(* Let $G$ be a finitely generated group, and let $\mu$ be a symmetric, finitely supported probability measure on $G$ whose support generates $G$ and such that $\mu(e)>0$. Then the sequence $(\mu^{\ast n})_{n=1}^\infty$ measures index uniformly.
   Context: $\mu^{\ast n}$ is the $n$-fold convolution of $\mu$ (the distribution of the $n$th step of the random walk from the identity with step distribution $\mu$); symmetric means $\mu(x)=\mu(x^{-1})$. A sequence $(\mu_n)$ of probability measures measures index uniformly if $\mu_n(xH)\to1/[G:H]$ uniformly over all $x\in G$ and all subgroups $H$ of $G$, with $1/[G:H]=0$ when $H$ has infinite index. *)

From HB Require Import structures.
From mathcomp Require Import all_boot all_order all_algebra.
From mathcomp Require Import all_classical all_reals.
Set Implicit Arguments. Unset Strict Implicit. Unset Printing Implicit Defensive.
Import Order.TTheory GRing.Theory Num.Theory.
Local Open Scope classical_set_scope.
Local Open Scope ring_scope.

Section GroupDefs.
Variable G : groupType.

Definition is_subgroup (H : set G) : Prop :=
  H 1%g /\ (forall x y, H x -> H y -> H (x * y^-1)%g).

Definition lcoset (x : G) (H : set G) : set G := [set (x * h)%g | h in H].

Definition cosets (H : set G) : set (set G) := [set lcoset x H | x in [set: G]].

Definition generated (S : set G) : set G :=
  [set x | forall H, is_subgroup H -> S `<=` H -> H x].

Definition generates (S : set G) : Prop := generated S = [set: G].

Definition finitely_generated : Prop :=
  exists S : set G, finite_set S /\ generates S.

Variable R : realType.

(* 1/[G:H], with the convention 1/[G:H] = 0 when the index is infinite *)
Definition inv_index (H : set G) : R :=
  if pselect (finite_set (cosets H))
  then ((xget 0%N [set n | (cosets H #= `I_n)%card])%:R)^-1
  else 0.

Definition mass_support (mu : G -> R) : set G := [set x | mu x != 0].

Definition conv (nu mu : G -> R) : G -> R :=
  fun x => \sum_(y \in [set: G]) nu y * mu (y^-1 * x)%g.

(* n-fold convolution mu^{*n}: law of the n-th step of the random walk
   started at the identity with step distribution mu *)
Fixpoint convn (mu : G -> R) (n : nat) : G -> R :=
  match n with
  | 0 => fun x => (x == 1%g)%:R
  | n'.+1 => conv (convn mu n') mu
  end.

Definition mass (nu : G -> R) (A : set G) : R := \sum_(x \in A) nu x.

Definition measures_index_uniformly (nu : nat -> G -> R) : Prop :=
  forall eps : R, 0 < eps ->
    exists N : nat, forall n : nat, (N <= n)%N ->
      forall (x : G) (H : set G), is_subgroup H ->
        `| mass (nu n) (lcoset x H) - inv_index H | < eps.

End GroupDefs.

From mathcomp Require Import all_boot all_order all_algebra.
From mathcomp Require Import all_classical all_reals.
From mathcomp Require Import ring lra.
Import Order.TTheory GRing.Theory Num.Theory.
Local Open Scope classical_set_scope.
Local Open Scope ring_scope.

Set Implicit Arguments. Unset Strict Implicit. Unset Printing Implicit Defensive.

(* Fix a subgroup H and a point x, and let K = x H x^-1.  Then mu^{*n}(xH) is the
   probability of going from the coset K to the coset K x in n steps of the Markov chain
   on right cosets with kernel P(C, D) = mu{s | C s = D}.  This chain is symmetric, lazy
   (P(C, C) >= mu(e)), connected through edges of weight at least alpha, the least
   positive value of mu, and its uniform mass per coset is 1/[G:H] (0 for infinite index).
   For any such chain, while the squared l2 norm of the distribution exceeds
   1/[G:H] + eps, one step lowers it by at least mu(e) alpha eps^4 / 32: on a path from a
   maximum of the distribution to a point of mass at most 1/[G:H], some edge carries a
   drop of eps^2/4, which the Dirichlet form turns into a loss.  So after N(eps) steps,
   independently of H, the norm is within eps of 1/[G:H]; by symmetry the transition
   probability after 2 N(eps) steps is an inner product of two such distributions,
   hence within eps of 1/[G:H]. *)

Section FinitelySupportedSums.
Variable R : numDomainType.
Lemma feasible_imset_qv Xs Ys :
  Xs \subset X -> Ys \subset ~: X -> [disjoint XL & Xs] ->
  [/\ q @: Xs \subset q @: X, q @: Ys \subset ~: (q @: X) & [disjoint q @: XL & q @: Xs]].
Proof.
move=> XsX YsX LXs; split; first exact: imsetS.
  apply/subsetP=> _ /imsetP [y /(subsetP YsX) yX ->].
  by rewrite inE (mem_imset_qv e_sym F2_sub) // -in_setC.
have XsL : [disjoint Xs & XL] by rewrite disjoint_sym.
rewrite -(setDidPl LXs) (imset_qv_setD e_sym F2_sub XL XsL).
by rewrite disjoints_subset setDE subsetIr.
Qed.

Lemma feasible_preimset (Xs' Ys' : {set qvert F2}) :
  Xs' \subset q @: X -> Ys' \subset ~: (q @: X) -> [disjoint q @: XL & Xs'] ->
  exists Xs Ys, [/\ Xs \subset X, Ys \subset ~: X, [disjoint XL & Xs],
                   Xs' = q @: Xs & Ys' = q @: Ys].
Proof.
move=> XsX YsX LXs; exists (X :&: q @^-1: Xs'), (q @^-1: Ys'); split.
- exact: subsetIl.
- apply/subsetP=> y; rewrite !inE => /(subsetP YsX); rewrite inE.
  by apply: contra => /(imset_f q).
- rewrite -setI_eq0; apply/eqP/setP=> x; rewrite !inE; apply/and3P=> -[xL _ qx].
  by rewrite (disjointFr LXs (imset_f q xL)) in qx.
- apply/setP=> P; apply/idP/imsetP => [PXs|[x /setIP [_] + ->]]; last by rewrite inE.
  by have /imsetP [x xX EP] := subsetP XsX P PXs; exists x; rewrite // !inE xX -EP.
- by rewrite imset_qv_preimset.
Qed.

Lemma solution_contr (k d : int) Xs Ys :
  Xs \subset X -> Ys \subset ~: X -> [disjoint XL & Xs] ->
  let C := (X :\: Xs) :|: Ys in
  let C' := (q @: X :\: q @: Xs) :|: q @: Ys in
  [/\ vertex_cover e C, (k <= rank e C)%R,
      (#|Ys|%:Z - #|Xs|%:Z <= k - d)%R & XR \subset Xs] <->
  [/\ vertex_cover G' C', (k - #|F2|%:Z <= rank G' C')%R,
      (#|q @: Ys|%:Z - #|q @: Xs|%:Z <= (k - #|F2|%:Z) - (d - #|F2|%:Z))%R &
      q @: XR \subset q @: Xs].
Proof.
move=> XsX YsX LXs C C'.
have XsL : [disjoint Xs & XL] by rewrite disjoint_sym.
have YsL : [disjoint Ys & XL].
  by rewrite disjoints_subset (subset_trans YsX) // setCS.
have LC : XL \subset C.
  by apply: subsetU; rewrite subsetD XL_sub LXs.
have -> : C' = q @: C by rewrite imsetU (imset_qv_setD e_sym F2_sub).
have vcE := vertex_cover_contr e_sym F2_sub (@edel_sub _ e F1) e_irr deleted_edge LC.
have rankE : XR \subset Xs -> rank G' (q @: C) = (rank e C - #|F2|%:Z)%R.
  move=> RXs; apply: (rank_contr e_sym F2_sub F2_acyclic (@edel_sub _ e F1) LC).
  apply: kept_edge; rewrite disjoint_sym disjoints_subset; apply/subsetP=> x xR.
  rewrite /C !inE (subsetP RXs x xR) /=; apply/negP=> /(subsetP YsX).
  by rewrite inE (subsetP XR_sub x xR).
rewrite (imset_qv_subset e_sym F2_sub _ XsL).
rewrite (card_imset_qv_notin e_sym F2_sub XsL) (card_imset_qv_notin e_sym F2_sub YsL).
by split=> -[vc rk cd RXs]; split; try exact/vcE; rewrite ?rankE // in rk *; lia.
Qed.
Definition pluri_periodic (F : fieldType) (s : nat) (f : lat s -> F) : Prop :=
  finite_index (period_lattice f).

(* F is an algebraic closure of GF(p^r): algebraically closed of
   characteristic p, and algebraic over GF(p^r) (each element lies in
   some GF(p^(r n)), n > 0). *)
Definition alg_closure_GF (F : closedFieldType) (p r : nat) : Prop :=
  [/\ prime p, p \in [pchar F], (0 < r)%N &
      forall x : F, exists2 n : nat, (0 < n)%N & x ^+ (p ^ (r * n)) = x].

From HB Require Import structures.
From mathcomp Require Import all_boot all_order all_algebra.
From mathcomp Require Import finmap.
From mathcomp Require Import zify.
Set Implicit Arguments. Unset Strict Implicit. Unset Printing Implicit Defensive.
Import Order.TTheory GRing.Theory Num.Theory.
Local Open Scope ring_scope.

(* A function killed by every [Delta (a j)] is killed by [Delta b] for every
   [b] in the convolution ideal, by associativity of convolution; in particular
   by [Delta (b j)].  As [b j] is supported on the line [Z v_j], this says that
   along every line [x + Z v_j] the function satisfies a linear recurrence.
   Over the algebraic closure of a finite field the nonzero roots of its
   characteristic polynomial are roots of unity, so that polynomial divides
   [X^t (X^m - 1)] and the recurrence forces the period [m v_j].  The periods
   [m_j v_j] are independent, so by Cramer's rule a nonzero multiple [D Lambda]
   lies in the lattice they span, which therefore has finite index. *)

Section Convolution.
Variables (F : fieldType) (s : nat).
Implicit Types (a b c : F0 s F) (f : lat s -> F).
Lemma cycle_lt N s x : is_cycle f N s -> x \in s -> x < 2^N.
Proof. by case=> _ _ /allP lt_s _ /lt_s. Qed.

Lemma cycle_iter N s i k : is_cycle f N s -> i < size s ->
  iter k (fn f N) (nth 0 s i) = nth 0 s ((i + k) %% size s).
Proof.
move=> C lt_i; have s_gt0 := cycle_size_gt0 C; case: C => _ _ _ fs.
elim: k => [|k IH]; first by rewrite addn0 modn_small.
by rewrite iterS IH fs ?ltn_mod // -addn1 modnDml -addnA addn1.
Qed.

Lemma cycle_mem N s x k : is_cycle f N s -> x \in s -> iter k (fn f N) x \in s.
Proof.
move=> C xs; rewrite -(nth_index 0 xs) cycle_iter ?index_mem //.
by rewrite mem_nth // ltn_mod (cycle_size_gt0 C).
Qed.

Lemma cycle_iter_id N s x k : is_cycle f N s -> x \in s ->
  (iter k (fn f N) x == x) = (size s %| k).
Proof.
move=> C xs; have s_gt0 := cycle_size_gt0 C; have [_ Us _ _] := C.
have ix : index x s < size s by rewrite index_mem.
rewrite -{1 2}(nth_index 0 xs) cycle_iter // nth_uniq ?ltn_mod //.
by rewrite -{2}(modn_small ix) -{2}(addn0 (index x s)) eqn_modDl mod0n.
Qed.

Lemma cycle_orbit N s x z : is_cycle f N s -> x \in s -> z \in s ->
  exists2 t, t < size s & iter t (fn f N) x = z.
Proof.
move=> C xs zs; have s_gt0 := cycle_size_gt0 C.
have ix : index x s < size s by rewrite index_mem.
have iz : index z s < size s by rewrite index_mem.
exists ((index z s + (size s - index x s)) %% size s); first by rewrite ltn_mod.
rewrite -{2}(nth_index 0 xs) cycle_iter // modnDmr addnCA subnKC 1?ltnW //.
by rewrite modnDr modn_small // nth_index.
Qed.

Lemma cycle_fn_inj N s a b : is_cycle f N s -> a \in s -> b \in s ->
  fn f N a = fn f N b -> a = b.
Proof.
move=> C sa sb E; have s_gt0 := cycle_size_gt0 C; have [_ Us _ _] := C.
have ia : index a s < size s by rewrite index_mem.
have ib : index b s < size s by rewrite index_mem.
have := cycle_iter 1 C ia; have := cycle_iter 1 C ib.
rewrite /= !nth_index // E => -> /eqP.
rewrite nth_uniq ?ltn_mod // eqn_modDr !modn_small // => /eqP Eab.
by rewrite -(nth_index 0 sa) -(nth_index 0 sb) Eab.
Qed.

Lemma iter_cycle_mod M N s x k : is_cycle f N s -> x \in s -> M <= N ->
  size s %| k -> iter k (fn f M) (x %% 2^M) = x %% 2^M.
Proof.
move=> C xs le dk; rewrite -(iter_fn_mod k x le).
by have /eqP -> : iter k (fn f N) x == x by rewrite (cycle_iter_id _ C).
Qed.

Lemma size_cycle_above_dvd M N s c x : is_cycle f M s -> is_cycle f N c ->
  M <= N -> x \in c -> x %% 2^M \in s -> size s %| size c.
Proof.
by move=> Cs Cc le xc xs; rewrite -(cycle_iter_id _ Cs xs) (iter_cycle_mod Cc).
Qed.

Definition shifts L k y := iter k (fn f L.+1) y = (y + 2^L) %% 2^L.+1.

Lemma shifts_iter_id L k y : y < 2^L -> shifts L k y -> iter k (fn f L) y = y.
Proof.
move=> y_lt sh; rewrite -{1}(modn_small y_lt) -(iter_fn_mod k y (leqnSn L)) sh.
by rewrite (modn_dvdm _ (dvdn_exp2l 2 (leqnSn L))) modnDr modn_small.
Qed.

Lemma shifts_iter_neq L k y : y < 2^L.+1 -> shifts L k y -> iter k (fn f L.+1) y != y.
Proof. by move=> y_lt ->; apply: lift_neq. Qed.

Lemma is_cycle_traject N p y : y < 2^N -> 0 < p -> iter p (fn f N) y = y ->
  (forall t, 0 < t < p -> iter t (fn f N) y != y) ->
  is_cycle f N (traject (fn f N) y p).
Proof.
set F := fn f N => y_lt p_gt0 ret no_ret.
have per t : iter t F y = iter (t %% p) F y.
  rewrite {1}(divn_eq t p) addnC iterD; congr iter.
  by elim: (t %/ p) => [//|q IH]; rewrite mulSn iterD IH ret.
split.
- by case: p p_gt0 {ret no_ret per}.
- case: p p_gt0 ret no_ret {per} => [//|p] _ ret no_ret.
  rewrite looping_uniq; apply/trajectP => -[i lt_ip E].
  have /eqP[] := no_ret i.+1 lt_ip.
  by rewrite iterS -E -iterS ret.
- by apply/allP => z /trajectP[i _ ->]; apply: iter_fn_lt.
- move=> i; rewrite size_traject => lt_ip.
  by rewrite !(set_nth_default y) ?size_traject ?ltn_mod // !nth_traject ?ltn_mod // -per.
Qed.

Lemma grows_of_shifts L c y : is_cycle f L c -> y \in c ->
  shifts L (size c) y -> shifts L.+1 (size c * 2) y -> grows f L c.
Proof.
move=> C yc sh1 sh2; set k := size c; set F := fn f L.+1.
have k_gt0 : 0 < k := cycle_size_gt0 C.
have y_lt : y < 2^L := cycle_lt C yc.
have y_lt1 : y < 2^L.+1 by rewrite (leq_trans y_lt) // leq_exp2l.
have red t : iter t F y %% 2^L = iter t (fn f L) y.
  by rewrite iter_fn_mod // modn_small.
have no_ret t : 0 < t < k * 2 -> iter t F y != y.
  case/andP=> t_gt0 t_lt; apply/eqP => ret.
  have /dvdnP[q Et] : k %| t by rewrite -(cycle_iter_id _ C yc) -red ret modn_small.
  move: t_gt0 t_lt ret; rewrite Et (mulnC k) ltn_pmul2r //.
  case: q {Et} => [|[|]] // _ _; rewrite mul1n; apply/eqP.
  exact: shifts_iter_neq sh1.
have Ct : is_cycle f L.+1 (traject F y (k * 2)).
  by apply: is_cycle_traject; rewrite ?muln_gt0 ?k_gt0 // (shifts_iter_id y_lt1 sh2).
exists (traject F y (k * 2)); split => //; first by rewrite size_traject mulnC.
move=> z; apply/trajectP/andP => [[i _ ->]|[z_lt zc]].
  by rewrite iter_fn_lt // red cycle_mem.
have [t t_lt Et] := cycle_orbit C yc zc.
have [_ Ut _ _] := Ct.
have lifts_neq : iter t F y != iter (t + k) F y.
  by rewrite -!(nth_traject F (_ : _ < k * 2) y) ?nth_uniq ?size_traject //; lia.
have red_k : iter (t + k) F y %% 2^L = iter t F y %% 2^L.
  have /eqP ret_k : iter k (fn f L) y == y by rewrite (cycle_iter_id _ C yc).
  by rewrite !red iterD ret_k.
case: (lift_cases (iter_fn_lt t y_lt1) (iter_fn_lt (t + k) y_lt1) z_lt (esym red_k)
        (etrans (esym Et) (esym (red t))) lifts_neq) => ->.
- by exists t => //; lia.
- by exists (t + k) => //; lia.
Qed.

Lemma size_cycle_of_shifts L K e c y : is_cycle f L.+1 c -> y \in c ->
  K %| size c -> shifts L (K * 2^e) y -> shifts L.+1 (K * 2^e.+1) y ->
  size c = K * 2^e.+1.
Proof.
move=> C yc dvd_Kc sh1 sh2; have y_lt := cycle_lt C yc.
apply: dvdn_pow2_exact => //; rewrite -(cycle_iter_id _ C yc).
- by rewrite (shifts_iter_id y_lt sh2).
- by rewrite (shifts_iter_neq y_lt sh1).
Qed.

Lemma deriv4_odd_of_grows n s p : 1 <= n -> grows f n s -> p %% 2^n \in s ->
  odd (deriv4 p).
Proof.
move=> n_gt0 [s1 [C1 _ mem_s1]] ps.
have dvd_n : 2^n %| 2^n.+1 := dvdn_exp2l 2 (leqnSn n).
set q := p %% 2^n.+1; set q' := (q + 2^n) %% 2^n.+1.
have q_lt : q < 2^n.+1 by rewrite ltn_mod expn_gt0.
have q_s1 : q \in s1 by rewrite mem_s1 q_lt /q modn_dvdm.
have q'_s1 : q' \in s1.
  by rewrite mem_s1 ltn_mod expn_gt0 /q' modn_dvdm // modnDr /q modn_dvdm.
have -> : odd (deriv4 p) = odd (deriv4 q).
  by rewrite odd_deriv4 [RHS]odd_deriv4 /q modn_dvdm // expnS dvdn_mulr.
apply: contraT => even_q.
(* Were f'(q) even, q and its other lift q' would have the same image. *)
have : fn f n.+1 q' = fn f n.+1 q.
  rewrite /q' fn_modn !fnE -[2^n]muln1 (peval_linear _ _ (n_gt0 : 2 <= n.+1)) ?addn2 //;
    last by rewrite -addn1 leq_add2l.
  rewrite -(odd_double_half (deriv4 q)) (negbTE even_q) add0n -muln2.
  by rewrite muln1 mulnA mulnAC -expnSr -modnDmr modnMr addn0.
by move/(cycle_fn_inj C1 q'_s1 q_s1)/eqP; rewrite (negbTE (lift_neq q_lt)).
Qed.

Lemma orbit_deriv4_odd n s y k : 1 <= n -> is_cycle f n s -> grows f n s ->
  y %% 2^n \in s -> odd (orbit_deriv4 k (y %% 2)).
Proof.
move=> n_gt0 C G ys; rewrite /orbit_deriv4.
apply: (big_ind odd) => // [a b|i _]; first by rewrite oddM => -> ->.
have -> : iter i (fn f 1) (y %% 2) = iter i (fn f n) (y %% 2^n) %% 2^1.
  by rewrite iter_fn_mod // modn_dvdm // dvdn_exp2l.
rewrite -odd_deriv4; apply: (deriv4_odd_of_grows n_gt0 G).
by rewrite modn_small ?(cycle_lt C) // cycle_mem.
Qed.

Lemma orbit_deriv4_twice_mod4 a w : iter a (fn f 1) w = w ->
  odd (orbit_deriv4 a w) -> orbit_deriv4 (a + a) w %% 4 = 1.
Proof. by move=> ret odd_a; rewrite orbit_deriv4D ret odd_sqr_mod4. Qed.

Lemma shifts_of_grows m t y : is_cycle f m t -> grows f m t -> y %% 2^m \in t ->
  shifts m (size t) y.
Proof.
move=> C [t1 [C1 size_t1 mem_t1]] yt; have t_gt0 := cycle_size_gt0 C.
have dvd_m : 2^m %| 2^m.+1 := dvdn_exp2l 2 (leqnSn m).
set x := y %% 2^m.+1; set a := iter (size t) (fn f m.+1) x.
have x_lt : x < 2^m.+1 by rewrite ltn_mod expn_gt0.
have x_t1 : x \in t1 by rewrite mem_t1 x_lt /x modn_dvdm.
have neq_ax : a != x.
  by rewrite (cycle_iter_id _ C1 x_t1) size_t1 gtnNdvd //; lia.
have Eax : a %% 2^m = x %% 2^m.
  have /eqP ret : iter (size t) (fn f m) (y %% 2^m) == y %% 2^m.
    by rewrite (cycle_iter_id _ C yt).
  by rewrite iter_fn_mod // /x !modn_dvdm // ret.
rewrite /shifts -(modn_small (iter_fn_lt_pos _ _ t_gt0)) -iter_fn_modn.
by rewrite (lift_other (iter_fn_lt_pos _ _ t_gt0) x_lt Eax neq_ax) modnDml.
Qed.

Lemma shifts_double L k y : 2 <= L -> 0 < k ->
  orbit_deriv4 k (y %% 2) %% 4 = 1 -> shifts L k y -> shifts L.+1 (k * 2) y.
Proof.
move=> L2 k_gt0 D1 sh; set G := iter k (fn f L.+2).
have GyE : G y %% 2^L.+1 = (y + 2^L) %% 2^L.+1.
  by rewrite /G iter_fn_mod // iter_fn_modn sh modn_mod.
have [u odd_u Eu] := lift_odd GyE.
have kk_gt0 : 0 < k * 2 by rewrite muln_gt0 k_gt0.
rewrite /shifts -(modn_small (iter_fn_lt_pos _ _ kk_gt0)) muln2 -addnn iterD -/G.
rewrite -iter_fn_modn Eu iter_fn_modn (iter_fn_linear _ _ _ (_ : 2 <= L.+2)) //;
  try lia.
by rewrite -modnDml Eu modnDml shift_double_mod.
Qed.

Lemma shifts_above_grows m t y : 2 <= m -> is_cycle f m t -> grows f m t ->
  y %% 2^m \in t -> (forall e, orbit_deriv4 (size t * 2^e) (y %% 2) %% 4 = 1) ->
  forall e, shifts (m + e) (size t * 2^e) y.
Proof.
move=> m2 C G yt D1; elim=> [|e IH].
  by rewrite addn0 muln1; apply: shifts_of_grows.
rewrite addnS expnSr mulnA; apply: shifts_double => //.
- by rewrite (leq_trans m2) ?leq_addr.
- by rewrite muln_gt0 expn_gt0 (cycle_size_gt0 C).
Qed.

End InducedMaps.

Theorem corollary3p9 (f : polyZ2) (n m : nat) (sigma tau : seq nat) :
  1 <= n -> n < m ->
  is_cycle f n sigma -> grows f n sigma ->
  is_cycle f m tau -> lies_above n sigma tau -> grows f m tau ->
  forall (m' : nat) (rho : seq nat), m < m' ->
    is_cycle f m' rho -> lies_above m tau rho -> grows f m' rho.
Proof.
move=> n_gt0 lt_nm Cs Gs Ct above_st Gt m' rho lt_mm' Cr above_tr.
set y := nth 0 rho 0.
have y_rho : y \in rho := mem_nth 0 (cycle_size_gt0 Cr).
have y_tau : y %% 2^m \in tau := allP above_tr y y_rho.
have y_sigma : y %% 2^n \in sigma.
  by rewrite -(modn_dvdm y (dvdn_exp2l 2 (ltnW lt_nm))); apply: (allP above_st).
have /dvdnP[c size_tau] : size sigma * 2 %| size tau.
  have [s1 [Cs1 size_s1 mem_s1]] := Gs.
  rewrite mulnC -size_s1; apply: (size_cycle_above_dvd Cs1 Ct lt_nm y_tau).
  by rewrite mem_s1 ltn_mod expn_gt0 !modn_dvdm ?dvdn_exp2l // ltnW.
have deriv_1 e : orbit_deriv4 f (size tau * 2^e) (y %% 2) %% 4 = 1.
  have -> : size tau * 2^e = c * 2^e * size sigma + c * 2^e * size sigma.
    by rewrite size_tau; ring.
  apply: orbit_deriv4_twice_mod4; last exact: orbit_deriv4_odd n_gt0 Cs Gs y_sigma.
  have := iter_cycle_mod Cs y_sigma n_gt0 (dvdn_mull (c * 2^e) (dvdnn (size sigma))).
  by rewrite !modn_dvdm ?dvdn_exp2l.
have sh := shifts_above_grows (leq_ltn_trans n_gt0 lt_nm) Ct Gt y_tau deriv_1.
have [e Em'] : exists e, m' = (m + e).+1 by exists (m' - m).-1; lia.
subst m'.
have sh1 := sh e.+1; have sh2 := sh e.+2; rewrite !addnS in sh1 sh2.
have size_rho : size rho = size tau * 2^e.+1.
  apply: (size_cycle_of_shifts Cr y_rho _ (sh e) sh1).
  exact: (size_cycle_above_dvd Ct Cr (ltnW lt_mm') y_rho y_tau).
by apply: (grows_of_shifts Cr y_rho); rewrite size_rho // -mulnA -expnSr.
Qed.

☆ ☆ ☆ ☆

▶ **Task goal**
Print exactly the lines of the listing above starting at the line containing "Lemma orbit_deriv4_twice_mod4 a" and ending at the line containing "is_cycle f m tau", both included.

▶ **Written solution**
Lemma orbit_deriv4_twice_mod4 a w : iter a (fn f 1) w = w ->
  odd (orbit_deriv4 a w) -> orbit_deriv4 (a + a) w %% 4 = 1.
Proof. by move=> ret odd_a; rewrite orbit_deriv4D ret odd_sqr_mod4. Qed.

Lemma shifts_of_grows m t y : is_cycle f m t -> grows f m t -> y %% 2^m \in t ->
  shifts m (size t) y.
Proof.
move=> C [t1 [C1 size_t1 mem_t1]] yt; have t_gt0 := cycle_size_gt0 C.
have dvd_m : 2^m %| 2^m.+1 := dvdn_exp2l 2 (leqnSn m).
set x := y %% 2^m.+1; set a := iter (size t) (fn f m.+1) x.
have x_lt : x < 2^m.+1 by rewrite ltn_mod expn_gt0.
have x_t1 : x \in t1 by rewrite mem_t1 x_lt /x modn_dvdm.
have neq_ax : a != x.
  by rewrite (cycle_iter_id _ C1 x_t1) size_t1 gtnNdvd //; lia.
have Eax : a %% 2^m = x %% 2^m.
  have /eqP ret : iter (size t) (fn f m) (y %% 2^m) == y %% 2^m.
    by rewrite (cycle_iter_id _ C yt).
  by rewrite iter_fn_mod // /x !modn_dvdm // ret.
rewrite /shifts -(modn_small (iter_fn_lt_pos _ _ t_gt0)) -iter_fn_modn.
by rewrite (lift_other (iter_fn_lt_pos _ _ t_gt0) x_lt Eax neq_ax) modnDml.
Qed.

Lemma shifts_double L k y : 2 <= L -> 0 < k ->
  orbit_deriv4 k (y %% 2) %% 4 = 1 -> shifts L k y -> shifts L.+1 (k * 2) y.
Proof.
move=> L2 k_gt0 D1 sh; set G := iter k (fn f L.+2).
have GyE : G y %% 2^L.+1 = (y + 2^L) %% 2^L.+1.
  by rewrite /G iter_fn_mod // iter_fn_modn sh modn_mod.
have [u odd_u Eu] := lift_odd GyE.
have kk_gt0 : 0 < k * 2 by rewrite muln_gt0 k_gt0.
rewrite /shifts -(modn_small (iter_fn_lt_pos _ _ kk_gt0)) muln2 -addnn iterD -/G.
rewrite -iter_fn_modn Eu iter_fn_modn (iter_fn_linear _ _ _ (_ : 2 <= L.+2)) //;
  try lia.
by rewrite -modnDml Eu modnDml shift_double_mod.
Qed.

Lemma shifts_above_grows m t y : 2 <= m -> is_cycle f m t -> grows f m t ->
  y %% 2^m \in t -> (forall e, orbit_deriv4 (size t * 2^e) (y %% 2) %% 4 = 1) ->
  forall e, shifts (m + e) (size t * 2^e) y.
Proof.
move=> m2 C G yt D1; elim=> [|e IH].
  by rewrite addn0 muln1; apply: shifts_of_grows.
rewrite addnS expnSr mulnA; apply: shifts_double => //.
- by rewrite (leq_trans m2) ?leq_addr.
- by rewrite muln_gt0 expn_gt0 (cycle_size_gt0 C).
Qed.

End InducedMaps.

Theorem corollary3p9 (f : polyZ2) (n m : nat) (sigma tau : seq nat) :
  1 <= n -> n < m ->
  is_cycle f n sigma -> grows f n sigma ->
  is_cycle f m tau -> lies_above n sigma tau -> grows f m tau ->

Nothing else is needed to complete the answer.